Following the Nixon-Kissinger madness which made him an accomplice in Pakistani crimes in Bangladesh, Washington now faces a formidable rival in China, which has been built economically at the expense of the United States and is trying to impose itself. like the dominant world. power and challenger of the world order, especially in the Indo-Pacific,

To counter the power of China, the United States – under President Joe Biden and before him Donald Trump – turns to India, a nation vilified by their predecessor, Nixon, as “repulsive” and ridiculed by racist vulgarities and sexual.

Decades later, as the effects of Kissinger’s Chinese diplomacy haunt the United States, Trump made India a major defense partner of the United States and the bookend with it of the democracies of the United States. Indo-Pacific.

Biden took strategic cooperation one step further, making cooperation with India a priority for her administration as it grapples with China’s aggressive behavior from the Himalayas to the South China Sea and beyond.

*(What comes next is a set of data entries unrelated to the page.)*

(* [supf] bounds [deLeeuw d f] at both [(x, y)] and [(y, x)], hence its absolute value. *)
Lemma lipnorm_le_supf (t0 : Mt M) f : Lip0 d z f -> lipnorm d f <= supf (deLeeuw d f).
Proof.
move=> [lf _]; have bf := bounded_deLeeuw hd lf.
have pair_le x y (xy : x <> y) : f x - f y <= supf (deLeeuw d f) * d x y.
  have := supf_ub (exist (fun p : M * M => p.1 <> p.2) (x, y) xy) bf.
  by rewrite /deLeeuw /= ler_pdivrMr ?(d_gt0 hd).
have supf_ge0 : 0 <= supf (deLeeuw d f).
  case: t0 => -[x y] /= xy; have := pair_le x y xy; have := pair_le y x (nesym xy).
  rewrite (dC hd y x) => ? ?; rewrite -(pmulr_lge0 _ (d_gt0 hd xy)); lra.
apply: lipnorm_le => // x y; have [<-|xy] := pselect (x = y).
  by rewrite subrr normr0 (dxx hd) mulr0.
have := pair_le x y xy; have := pair_le y x (nesym xy).
by rewrite (dC hd y x) ler_norml => ? ?; apply/andP; split; lra.
Qed.

Lemma dominated_deLeeuw_graph (t0 : Mt M) :
  dominated_graph (@bounded R M) (@supf R M) deLeeuw_graph.
Proof.
split.
- move=> x r r' [f [lf [-> ->]]] [g [lg [fg ->]]].
  by rewrite (deLeeuw_inj lf lg fg).
- move=> a x y r s [f [lf [-> ->]]] [g [lg [-> ->]]].
  exists (fun x => a * f x + g x); split; first exact: Lip0_axpy.
  by rewrite deLeeuw_axpy (phi_dual.1 a _ _ lf lg).
- move=> x r [f [lf [-> ->]]]; exact: le_trans (phi_le_lipnorm lf) (lipnorm_le_supf t0 lf).
- by move=> x r [f [[lf _] [-> _]]]; exact: bounded_deLeeuw.
Qed.

(* Hahn-Banach, applied to [phi] transported to the de Leeuw image of [Lip0]. *)
Lemma phi_extension (t0 : Mt M) : exists L : (Mt M -> R) -> R,
  [/\ forall a x y, bounded x -> bounded y -> L (axpy a x y) = a * L x + L y,
      forall x, bounded x -> L x <= supf x &
      forall f, Lip0 d z f -> L (deLeeuw d f) = phi f].
Proof.
have graph0 : deLeeuw_graph (cst 0, 0).
  exists (cst 0); split; first exact: Lip0_cst0.
  by congr pair; [apply/funext => p; rewrite /deLeeuw /cst subrr mul0r|rewrite phi0].
have [L [L_axpy L_le L_phi]] := hahn_banach (@bounded_axpy _ _) (supf_subadd t0)
  (@supf_homo _ _ t0) (dominated_deLeeuw_graph t0) graph0.
by exists L; split => // f lf; apply: L_phi; exists f.
Qed.

Lemma phi_representing_measure : exists mu : set (Mt M) -> R,
  [/\ optimal d z mu, totvar mu = 1 & forall f, Lip0 d z f -> Phistar d mu f = phi f].
Proof.
have [t0] := dual_inhabited.
have [L [L_axpy L_le L_phi]] := phi_extension t0.
have mu_add := muL_add L_axpy; have mu_ge0 := muL_ge0 t0 L_axpy L_le.
have tv1 : totvar (muL L) = 1 by rewrite totvar_positive // muL_setT.
have rep f : Lip0 d z f -> Phistar d (muL L) f = phi f.
  by move=> lf; rewrite /Phistar pos_integral_muL ?L_phi //; exact: bounded_deLeeuw lf.1.
exists (muL L); split => //; split; last split => //.
  by split => //; exists (muL L setT); exact: sum_norm_mu_le.
rewrite tv1 -phi_norm; congr sup; apply/seteqP.
by split => _ [f [uf ->]]; exists f; rewrite rep //; case: uf.
Qed.

Lemma slice_potential mu (A : set (Mt M)) (gamma alpha : R) (b0 : M * M) :
  fin_additive mu -> positive_measure mu -> mu setT = 1 ->
  (forall f, Lip0 d z f -> Phistar d mu f = phi f) ->
  0 <= gamma -> gamma <= mu A -> 1 - alpha < (1 + gamma) * gamma - 1 ->
  cyc_monotone d gamma ((@proj1_sig _ _) @` A `|` [set b0]) ->
  exists F, slice d z phi alpha F /\ gamma * d b0.1 b0.2 <= F b0.1 - F b0.2.
Proof.
move=> mu_add mu_ge0 muT rep g0 gA ga cmA.
have [F [F_lip F_gap F0]] := cyc_monotone_potential z hd (or_intror erefl) cmA.
exists F; split; last exact: F_gap (or_intror erefl).
have lF : Lip0 d z F by split => //; exists 1 => x y; rewrite mul1r.
have uF : unit_ball d z F by split => //; apply: lipnorm_le => // x y; rewrite mul1r.
split => //; rewrite -rep // /Phistar.
have : gamma * mu A + (-1) * mu (~` A) <= pos_integral mu (deLeeuw d F).
  apply: pos_integral_ge_split => //; last exact: bounded_deLeeuw lF.1.
  - move=> [[x y] xy] Ap; rewrite /deLeeuw /= ler_pdivlMr ?(d_gt0 hd) //.
    by apply: (F_gap (x, y)); left; exists (exist _ (x, y) xy).
  - by move=> p _; have := unit_ball_deLeeuw hd uF p; rewrite ler_norml => /andP[].
have := mu_setIC mu_add setT A; rewrite !setTI muT.
have : (1 + gamma) * gamma <= (1 + gamma) * mu A by rewrite ler_wpM2l //; lra.
lra.
Qed.

Lemma diam_slice_ge (alpha gamma : R) : cyc_monotone_condition d z ->
  0 < gamma < 1 -> 1 - alpha < (1 + gamma) * gamma - 1 ->
  2 * gamma <= diam_Lip d (slice d z phi alpha).
Proof.
move=> H g01 ga; have /andP[g0 _] := g01.
have [mu [opt tv1 rep]] := phi_representing_measure.
have [[mu_add _] [mu_ge0 _]] := opt.
have muT : mu setT = 1 by rewrite -totvar_positive.
have [A [u [v [uv [gA [cm1 cm2]]]]]] := H mu opt tv1 gamma g01.
have [F1 [sF1 F1uv]] := slice_potential mu_add mu_ge0 muT rep (ltW g0) gA ga cm1.
have [F2 [sF2 F2vu]] := slice_potential mu_add mu_ge0 muT rep (ltW g0) gA ga cm2.
apply: (@le_trans _ _ (lipnorm d (fun x => F1 x - F2 x))); last first.
  apply: ub_le_sup; last by exists F1, F2.
  by exists 2 => _ [f [g [sf [sg ->]]]]; exact: unit_ball_dist sf.1 sg.1.
have l12 : lipschitz d (fun x => F1 x - F2 x).
  by exists 2 => x y; exact: unit_ball_sub_bound sF1.1 sF2.1.
apply: le_trans (lipnorm_ratio hd l12 uv); rewrite ler_pdivlMr ?(d_gt0 hd) //.
by move: F2vu; rewrite /= (dC hd v u) => ?; apply: le_trans (ler_norm _); lra.
Qed.

End Sufficiency.

Lemma cyc_monotone_LD2P (R : realType) (M : Type) (d : M -> M -> R) (z : M) :
  is_metric d -> cyc_monotone_condition d z -> LD2P d z.
Proof.
move=> hd H phi dual norm1 alpha a0; apply/le_anti/andP; split.
  by apply: sup_le_ge0 => // _ [f [g [sf [sg ->]]]]; exact: unit_ball_dist sf.1 sg.1.
apply/ler_addgt0Pr => e e0; pose m := Num.min e (Num.min alpha 1).
have m0 : 0 < m by rewrite !lt_min e0 a0 ltr01.
have [me ma m1] : [/\ m <= e, m <= alpha & m <= 1] by split; rewrite !ge_min lexx ?orbT.
have g01 : 0 < 1 - m / 4 < 1 by apply/andP; split; lra.
have ga : 1 - alpha < (1 + (1 - m / 4)) * (1 - m / 4) - 1 by nra.
by have := diam_slice_ge hd dual norm1 H g01 ga; lra.
Qed.

Theorem proposition3p2 (R : realType) (M : Type) (d : M -> M -> R) (z : M)
  (hd : is_metric d) :
  LD2P d z <->
  (forall mu : set (Mt M) -> R, optimal d z mu -> totvar mu = 1 ->
   forall gamma : R, 0 < gamma < 1 ->
   exists (A : set (Mt M)) (u v : M),
     u <> v /\ gamma <= mu A /\
     cyc_monotone d gamma ((@proj1_sig _ _) @` A `|` [set (u, v)]) /\
     cyc_monotone d gamma ((@proj1_sig _ _) @` A `|` [set (v, u)])).
Proof. by split; [exact: LD2P_cyc_monotone|exact: cyc_monotone_LD2P]. Qed.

After their meeting in Washington in September, they said that due to “growing strategic convergence, President Biden and Prime Minister Modi have decided to advance the comprehensive comprehensive strategic partnership between the United States and India.” .

A changed world

The world has changed in other ways as well.

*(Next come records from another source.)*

Lemma fm_project S : exists S' : seq cstr,
  [/\ forall q, q \in S' -> der S q,
      forall q, q \in S' -> q.1.1 = 0 &
      forall t, (forall q, q \in S' -> q.2 <= q.1.2 * t) ->
        exists v, forall p, p \in S -> sat p v t].
Proof.
have [S' [hder hcoef hlift]] := fm_elim S (enum 'I_n).
have hz q : q \in S' -> q.1.1 = 0.
  by move=> qS; apply/rowP => j; rewrite mxE; apply: hcoef; rewrite ?mem_enum.
exists S'; split=> // t ht; apply: (hlift 0) => q qS.
by rewrite /sat hz // dot0l add0r; apply: ht.
Qed.

End FourierMotzkin.

Definition feas1 (S : seq (rat * rat)) (t : rat) : Prop :=
  forall q, q \in S -> q.2 <= q.1 * t.

Lemma min_1d S (tf B : rat) : feas1 S tf -> (forall t, feas1 S t -> B <= t) ->
  exists2 q, q \in S & 0 < q.1 /\ feas1 S (q.2 / q.1).
Proof.
move=> hf hB; pose ls := [seq q.2 / q.1 | q <- S & 0 < q.1].
have [ls0|lsn] := eqVneq ls [::].
  have tmin : Order.min tf (B - 1) <= tf by rewrite ge_min lexx.
  have hmin : feas1 S (Order.min tf (B - 1)).
    move=> q qS; have kq : q.1 <= 0.
      rewrite leNgt; apply/negP => kq.
      have : q.2 / q.1 \in ls by apply: map_f; rewrite mem_filter kq.
      by rewrite ls0.
    have := hf q qS; nra.
  by have := hB _ hmin; rewrite le_min => /andP[_]; lra.
have [ts /mapP[q]] := seq_max lsn; rewrite mem_filter => /andP[kq qS] -> tsmax.
have tstf : q.2 / q.1 <= tf by rewrite ler_pdivrMr // mulrC hf.
exists q => //; split=> // q' q'S; have [kq'|kq'] := ltrP 0 q'.1.
  have : q'.2 / q'.1 <= q.2 / q.1 by apply: tsmax; apply: map_f; rewrite mem_filter kq'.
  by rewrite ler_pdivrMr // mulrC.
have := hf q' q'S; move: tstf; set t0 := q.2 / q.1; nra.
Qed.

Section LinearProgramming.
Variables (n r : nat) (A : 'I_r -> 'rV[rat]_n) (b : 'I_r -> rat).

Definition feasible (v : 'rV[rat]_n) : Prop := forall i, b i <= dot (A i) v.

Lemma lp_weak_duality (y : 'I_r -> rat) v : (forall i, 0 <= y i) -> feasible v ->
  \sum_i y i * b i <= dot (\sum_i y i *: A i) v.
Proof.
move=> y0 hv; rewrite dot_suml; apply: ler_sum => i _.
by rewrite dotZl ler_wpM2l.
Qed.

(* Minimising <c, v> over the polyhedron, as the system in (v, t) saying
   that v is feasible and t = <c, v>. *)
Definition lp_system (c : 'rV[rat]_n) : seq (cstr n) :=
  [seq (A i, 0, b i) | i <- enum 'I_r] ++ [:: (- c, 1, 0); (c, -1, 0)].

Lemma lp_system_sat c v t :
  (forall p, p \in lp_system c -> sat p v t) <-> feasible v /\ dot c v = t.
Proof.
split=> [h|[hv <-] p].
  split=> [i|].
    have := h (A i, 0, b i); rewrite /sat /= mul0r addr0; apply.
    by rewrite mem_cat map_f ?mem_enum.
  have h1 : sat (- c, 1, 0) v t by apply: h; rewrite mem_cat !inE eqxx orbT.
  have h2 : sat (c, -1, 0) v t by apply: h; rewrite mem_cat !inE eqxx !orbT.
  by move: h1 h2; rewrite /sat /= dotNl; lra.
rewrite mem_cat => /orP[/mapP[i _ ->]|]; rewrite /sat /=.
  by rewrite mul0r addr0.
by rewrite !inE => /orP[/eqP->|/eqP->] /=; rewrite ?dotNl; lra.
Qed.

Lemma lp_certificate c p : der (lp_system c) p ->
  exists2 y : 'I_r -> rat, (forall i, 0 <= y i) &
    p.1.1 + p.1.2 *: c = \sum_i y i *: A i /\ p.2 = \sum_i y i * b i.
Proof.
have sum0A : \sum_i (0 : rat) *: A i = 0 by rewrite big1 // => i _; rewrite scale0r.
have sum0b : \sum_i (0 : rat) * b i = 0 by rewrite big1 // => i _; rewrite mul0r.
elim=> {p} [p|p q _ [y1 y10 [h1 h1']] _ [y2 y20 [h2 h2']]|k p k0 _ [y y0 [h h']]].
- rewrite mem_cat => /orP[/mapP[i _ ->]|].
    exists (fun k => (k == i)%:R) => [k|/=]; first by rewrite ler0n.
    rewrite scale0r addr0; split; rewrite (bigD1 i) //= eqxx ?scale1r ?mul1r.
      by rewrite big1 ?addr0 // => k /negbTE ->; rewrite scale0r.
    by rewrite big1 ?addr0 // => k /negbTE ->; rewrite mul0r.
  rewrite !inE => /orP[] /eqP-> /=; exists (fun=> 0) => //; rewrite sum0A sum0b.
    by rewrite scale1r addNr.
  by rewrite scaleN1r subrr.
- exists (fun i => y1 i + y2 i) => [i|/=]; first by rewrite addr_ge0.
  rewrite scalerDl addrACA h1 h2 h1' h2' -!big_split /=.
  by split; apply: eq_bigr => i _; rewrite ?scalerDl ?mulrDl.
- exists (fun i => k * y i) => [i|/=]; first by rewrite mulr_ge0.
  rewrite -scalerA -scalerDr h h' scaler_sumr mulr_sumr.
  by split; apply: eq_bigr => i _; rewrite ?scalerA ?mulrA.
Qed.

When the Cold War raged in 1971 with the Soviet Union and the United States as the main protagonists, Moscow and Beijing were ideologically at loggerheads and emerging from protracted border clashes in 1969.

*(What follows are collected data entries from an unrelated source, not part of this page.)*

Lemma global_encoding_edge (e : pE P) : exists M : 'M[F]_(N, kedge C e),
  forall x : msg C, @Yedge _ _ C e x = flat x *m M.
Proof.
elim/(acyclic_ind acyclicP): e => e IH.
have Min g : exists M : 'M[F]_(N, kedge C g),
    ptail e \in phead g -> forall x : msg C, @Yedge _ _ C g x = flat x *m M.
  by case: (boolP (ptail e \in phead g)) => [/IH [M eqM]|_]; [exists M | exists 0].
pose Mf (f : idx P) : 'M[F]_(N, len C f) :=
  match f with inl s => msg_sel F (ksrc C) s | inr g => sval (cid (Min g)) end.
have YfM f : f \in in_e e -> forall x : msg C, Yf f x = flat x *m Mf f.
  case: f => [s|g] fin x /=; first by rewrite msg_flat_sel.
  by apply: (svalP (cid (Min g))); rewrite inE in fin.
have [A eqA] := linC e; exists (\sum_(f in in_e e) Mf f *m A f) => x.
by rewrite eqA mulmx_sumr; apply: eq_bigr => f fin; rewrite YfM // mulmxA.
Qed.

Lemma global_encoding (f : idx P) : exists M : 'M[F]_(N, len C f),
  forall x : msg C, Yf f x = flat x *m M.
Proof.
case: f => [s|e] /=; last exact: global_encoding_edge.
by exists (msg_sel F (ksrc C) s) => x; rewrite msg_flat_sel.
Qed.

Definition genc f := sval (cid (global_encoding f)).

Lemma gencE f x : Yf f x = flat x *m genc f.
Proof. exact: (svalP (cid (global_encoding f))). Qed.

Definition code_rank (A : {set idx P}) := \rank (\sum_(i in A) <<(genc i)^T>>)%MS.

Lemma code_rank_setU1 (A : {set idx P}) (j : idx P) :
  (forall X : 'rV[F]_N, (forall f, f \in A -> X *m genc f = 0) -> X *m genc j = 0) ->
  code_rank ([set j] :|: A) = code_rank A.
Proof.
move=> kerAj.
have eq_ker : \rank (\bigcap_(i in [set j] :|: A) kermx (genc i))%MS =
              \rank (\bigcap_(i in A) kermx (genc i))%MS.
  apply/eqP; rewrite eqn_leq !mxrankS //.
    apply/sub_bigcapmxP => i; rewrite !inE => /predU1P [->|iA].
      apply/row_subP => r; apply/sub_kermxP; apply: kerAj => f fA.
      by apply/sub_kermxP; rewrite (submx_trans (row_sub r _)) ?(bigcapmx_inf f fA).
    exact: (bigcapmx_inf i iA).
  by apply/sub_bigcapmxP => i iA; apply: (bigcapmx_inf i); rewrite ?inE ?iA ?orbT.
move/eqP: eq_ker; rewrite !(mxrank_bigcap_kermx (fun i => i \in _)).
by rewrite eqn_sub2lE ?rank_leq_col // => /eqP.
Qed.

The United States was trying to draw China into its orbit to counter the Soviet Union.

The Soviet Union’s break with China was a factor that pushed Moscow towards close ties with India.

India and the Soviet Union signed the Treaty of Friendship, Peace and Cooperation in 1971, which ended just before a declared military pact.

He said that if any of them were attacked, he “will immediately engage in mutual consultations in order to eliminate such a threat and take effective and appropriate measures to ensure the peace and security of their countries”.

Moscow was the main supplier of arms to New Delhi, mainly on preferential terms based on the rupee trade for India then starved for foreign exchange.

China is now closer to the Soviet Union’s successor, Russia, drawn by their mutual antipathy to the United States.

India, meanwhile, is moving away from Russia and closer to the United States and the West, despite residual military purchases and joint manufacturing.

Economically, too, India and the United States are seeing the benefits of cooperation, while India’s abandonment of its much-vaunted pseudo-socialism has paid off.

As India pushes its Make In India agenda, the United States sees value in diversifying its supply chain on mutually beneficial terms after seeing the results of its over-reliance on China during the COVID-19 crisis.

Pay a price

The United States has unequivocally supported India in the clashes with China.

The United States and India have entered into several agreements on defense and strategic issues, including the Logistics Exchange Memorandum of Understanding (LEMOA), the Agreement on Communications, Compatibility and Security (COMCASA) and the Industrial Security Agreement (ISA) and work towards the interoperability of their armed forces. .

But in the 1970s, India’s mark of non-alignment with a pro-Soviet slant would have made any cooperation with the United States unlikely, nor did America’s attraction to dictators like the Pakistani generals. India, too, paid its own price for the Soviet trademark non-alignment in economic terms, which in turn impacted its strategic and diplomatic position.

In “The Blood Telegram”, which takes its name from the US Consul General Archer Blood who endorsed their position, diplomats who witnessed the genocide said they “fervently hope that our real and lasting interests here can be defined and our policies reoriented. in order to save our nation’s position as the moral leader of the free world.

Fifty years later, Biden may be trying to do just that even as the United States pays the price for Kissinger’s realpolitik madness.